• What to work on:
I need the lines below from the one with "is_sum f g s -> is_sum (tensm k" down to the one with "tau_pi0 : forall" reproduced exactly, both ends included, and nothing else.

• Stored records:
* * *

Class CDSRlaws (C : Cat) (K : CDSRdata C) : Prop := {
  tensm_id : forall A B : C, tensm (idm A) (idm B) = idm (tens A B);
  tensm_comp : forall (A1 A2 A3 B1 B2 B3 : C) (f : hom A1 A2) (g : hom A2 A3)
      (h : hom B1 B2) (k : hom B2 B3), tensm (g ∘ f) (k ∘ h) = tensm g k ∘ tensm f h;
  assoc_nat : forall (A A' B B' D D' : C) (f : hom A A') (g : hom B B') (h : hom D D'),
      assoc A' B' D' ∘ tensm (tensm f g) h = tensm f (tensm g h) ∘ assoc A B D;
  assoc_iso1 : forall A B D : C, assoc_inv A B D ∘ assoc A B D = idm _;
  assoc_iso2 : forall A B D : C, assoc A B D ∘ assoc_inv A B D = idm _;
  lunit_nat : forall (A B : C) (f : hom A B), lunit B ∘ tensm (idm one) f = f ∘ lunit A;
  lunit_iso1 : forall A : C, lunit_inv A ∘ lunit A = idm _;
  lunit_iso2 : forall A : C, lunit A ∘ lunit_inv A = idm _;
  runit_nat : forall (A B : C) (f : hom A B), runit B ∘ tensm f (idm one) = f ∘ runit A;
  runit_iso1 : forall A : C, runit_inv A ∘ runit A = idm _;
  runit_iso2 : forall A : C, runit A ∘ runit_inv A = idm _;
  sym_nat : forall (A A' B B' : C) (f : hom A A') (g : hom B B'),
      sym A' B' ∘ tensm f g = tensm g f ∘ sym A B;
  sym_inv : forall A B : C, sym B A ∘ sym A B = idm _;
  pentagon : forall A B D E : C,
      assoc A B (tens D E) ∘ assoc (tens A B) D E
      = tensm (idm A) (assoc B D E) ∘ assoc A (tens B D) E ∘ tensm (assoc A B D) (idm E);
  triangle : forall A B : C,
      tensm (idm A) (lunit B) ∘ assoc A one B = tensm (runit A) (idm B);
  hexagon : forall A B D : C,
      assoc B D A ∘ sym A (tens B D) ∘ assoc A B D
      = tensm (idm B) (sym A D) ∘ assoc B A D ∘ tensm (sym A B) (idm D);
  ev_cur : forall (A B D : C) (f : hom (tens D A) B), ev A B ∘ tensm (cur f) (idm A) = f;
  cur_eta : forall (A B D : C) (g : hom D (lolli A B)), cur (ev A B ∘ tensm g (idm A)) = g;
  p0_pair : forall (D A B : C) (f : hom D A) (g : hom D B), p0 A B ∘ pairw f g = f;
  p1_pair : forall (D A B : C) (f : hom D A) (g : hom D B), p1 A B ∘ pairw f g = g;
  pair_eta : forall (D A B : C) (h : hom D (wth A B)), pairw (p0 A B ∘ h) (p1 A B ∘ h) = h;
  trm_unique : forall (A : C) (h : hom A top), h = trm A;
  bangm_id : forall A : C, bangm (idm A) = idm (bang A);
  bangm_comp : forall (A B D : C) (f : hom A B) (g : hom B D), bangm (g ∘ f) = bangm g ∘ bangm f;
  der_nat : forall (A B : C) (f : hom A B), der B ∘ bangm f = f ∘ der A;
  dig_nat : forall (A B : C) (f : hom A B), dig B ∘ bangm f = bangm (bangm f) ∘ dig A;
  comonad1 : forall A : C, der (bang A) ∘ dig A = idm (bang A);
  comonad2 : forall A : C, bangm (der A) ∘ dig A = idm (bang A);
  comonad3 : forall A : C, dig (bang A) ∘ dig A = bangm (dig A) ∘ dig A;
  m0_iso1 : m0inv ∘ m0 = idm one;
  m0_iso2 : m0 ∘ m0inv = idm (bang top);
  m2_iso1 : forall A B : C, m2inv A B ∘ m2 A B = idm _;
  m2_iso2 : forall A B : C, m2 A B ∘ m2inv A B = idm _;
  m2_nat : forall (A A' B B' : C) (f : hom A B) (g : hom A' B'),
      m2 B B' ∘ tensm (bangm f) (bangm g)
      = bangm (pairw (f ∘ p0 A A') (g ∘ p1 A A')) ∘ m2 A A';
  m2_assoc : forall A B D : C,
      bangm (wassoc A B D) ∘ m2 (wth A B) D ∘ tensm (m2 A B) (idm (bang D))
      = m2 A (wth B D) ∘ tensm (idm (bang A)) (m2 B D) ∘ assoc (bang A) (bang B) (bang D);
  m2_lunit : forall A : C,
      bangm (p1 top A) ∘ m2 top A ∘ tensm m0 (idm (bang A)) = lunit (bang A);
  m2_runit : forall A : C,
      bangm (p0 A top) ∘ m2 A top ∘ tensm (idm (bang A)) m0 = runit (bang A);
  m2_sym : forall A B : C,
      bangm (pairw (p1 A B) (p0 A B)) ∘ m2 A B = m2 B A ∘ sym (bang A) (bang B);
  m2_dig : forall A B : C,
      bangm (pairw (bangm (p0 A B)) (bangm (p1 A B))) ∘ dig (wth A B) ∘ m2 A B
      = m2 (bang A) (bang B) ∘ tensm (dig A) (dig B);
  m0_dig : bangm (trm (bang top)) ∘ dig top ∘ m0 = m0;
  zero_comp_r : forall (A B D : C) (f : hom A B), zero B D ∘ f = zero A D;
  zero_comp_l : forall (A B D : C) (g : hom B D), g ∘ zero A B = zero A D;
  zero_tens_l : forall (A B A' B' : C) (f : hom A' B'),
      tensm (zero A B) f = zero (tens A A') (tens B B');
  zero_tens_r : forall (A B A' B' : C) (f : hom A B),
      tensm f (zero A' B') = zero (tens A A') (tens B B');
  Sm_id : forall A : C, Sm (idm A) = idm (Sob A);
  Sm_comp : forall (A B D : C) (f : hom A B) (g : hom B D), Sm (g ∘ f) = Sm g ∘ Sm f;
  pi0_nat : forall (A B : C) (f : hom A B), f ∘ pi0 A = pi0 B ∘ Sm f;
  pi1_nat : forall (A B : C) (f : hom A B), f ∘ pi1 A = pi1 B ∘ Sm f;
  sigma_nat : forall (A B : C) (f : hom A B), f ∘ sigma A = sigma B ∘ Sm f;
  pi_jointly_monic : forall (A B : C) (h h' : hom A (Sob B)),
      pi0 B ∘ h = pi0 B ∘ h' -> pi1 B ∘ h = pi1 B ∘ h' -> h = h';
  (* homsets are partial commutative monoids *)
  sum_zero : forall (A B : C) (f : hom A B), is_sum f (zero A B) f;
  sum_comm : forall (A B : C) (f g s : hom A B), is_sum f g s -> is_sum g f s;
  sum_assoc : forall (A B : C) (f g k u v : hom A B),
      is_sum f g u -> is_sum u k v -> exists w, is_sum g k w /\ is_sum f w v;
  sum_comp_l : forall (A B D : C) (f g s : hom A B) (k : hom B D),
      is_sum f g s -> is_sum (k ∘ f) (k ∘ g) (k ∘ s);
  sum_comp_r : forall (A B D : C) (f g s : hom A B) (k : hom D A),
      is_sum f g s -> is_sum (f ∘ k) (g ∘ k) (s ∘ k);
  sum_tens_l : forall (A B D E : C) (f g s : hom A B) (k : hom D E),
      is_sum f g s -> is_sum (tensm f k) (tensm g k) (tensm s k);
  sum_tens_r : forall (A B D E : C) (f g s : hom A B) (k : hom D E),
      is_sum f g s -> is_sum (tensm k f) (tensm k g) (tensm k s);
  iota0_pi0 : forall A : C, pi0 A ∘ iota0 A = idm A;
  iota0_pi1 : forall A : C, pi1 A ∘ iota0 A = zero A A;
  tau_pi0 : forall A : C, pi0 A ∘ tau A = pi0 A ∘ pi0 (Sob A);
  tau_pi1 : forall A : C, is_sum (pi1 A ∘ pi0 (Sob A)) (pi0 A ∘ pi1 (Sob A)) (pi1 A ∘ tau A);
  tau_nat : forall (A B : C) (f : hom A B), Sm f ∘ tau A = tau B ∘ Sm (Sm f);
  cflip_spec : forall (i j : bool) (A : C),
      piS i A ∘ piS j (Sob A) ∘ cflip A = piS j A ∘ piS i (Sob A);
  S_with : forall A B : C, Sob (wth A B) = wth (Sob A) (Sob B);
  S_top : Sob top = top;
  Sm_p0 : forall A B : C, Sm (p0 A B) = p0 (Sob A) (Sob B) ∘ idcast (S_with A B);
  Sm_p1 : forall A B : C, Sm (p1 A B) = p1 (Sob A) (Sob B) ∘ idcast (S_with A B);
  Lst_pi0 : forall A B : C, pi0 (tens A B) ∘ Lst A B = tensm (pi0 A) (pi0 B);
  Lst_pi1 : forall A B : C,
      is_sum (tensm (pi1 A) (pi0 B)) (tensm (pi0 A) (pi1 B)) (pi1 (tens A B) ∘ Lst A B);
  Lst_nat : forall (A A' B B' : C) (f : hom A A') (g : hom B B'),
      Sm (tensm f g) ∘ Lst A B = Lst A' B' ∘ tensm (Sm f) (Sm g);
  dpar_nat : forall (A B : C) (f : hom A B), Sm (bangm f) ∘ dpar A = dpar B ∘ bangm (Sm f);
  dpar_pi0 : forall A : C, pi0 (bang A) ∘ dpar A = bangm (pi0 A);
  dpar_iota0 : forall A : C, dpar A ∘ bangm (iota0 A) = iota0 (bang A);
  dpar_tau : forall A : C,
      tau (bang A) ∘ Sm (dpar A) ∘ dpar (Sob A) = dpar A ∘ bangm (tau A);
  dpar_der : forall A : C, Sm (der A) ∘ dpar A = der (Sob A);
  dpar_dig : forall A : C,
      Sm (dig A) ∘ dpar A = dpar (bang A) ∘ bangm (dpar A) ∘ dig (Sob A);
  dpar_m0 : Sm m0inv ∘ dpar top = iota0 one ∘ m0inv ∘ bangm (zero (Sob top) top);
  dpar_m2 : forall A B : C,
      Sm (m2inv A B) ∘ dpar (wth A B)
      = Lst (bang A) (bang B) ∘ tensm (dpar A) (dpar B) ∘ m2inv (Sob A) (Sob B)
        ∘ bangm (idcast (S_with A B));
  dpar_cflip : forall A : C,
      cflip (bang A) ∘ Sm (dpar A) ∘ dpar (Sob A)
      = Sm (dpar A) ∘ dpar (Sob A) ∘ bangm (cflip A)
}.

* * *

• Solved problem:
      is_sum f g s -> is_sum (tensm k f) (tensm k g) (tensm k s);
  iota0_pi0 : forall A : C, pi0 A ∘ iota0 A = idm A;
  iota0_pi1 : forall A : C, pi1 A ∘ iota0 A = zero A A;
  tau_pi0 : forall A : C, pi0 A ∘ tau A = pi0 A ∘ pi0 (Sob A);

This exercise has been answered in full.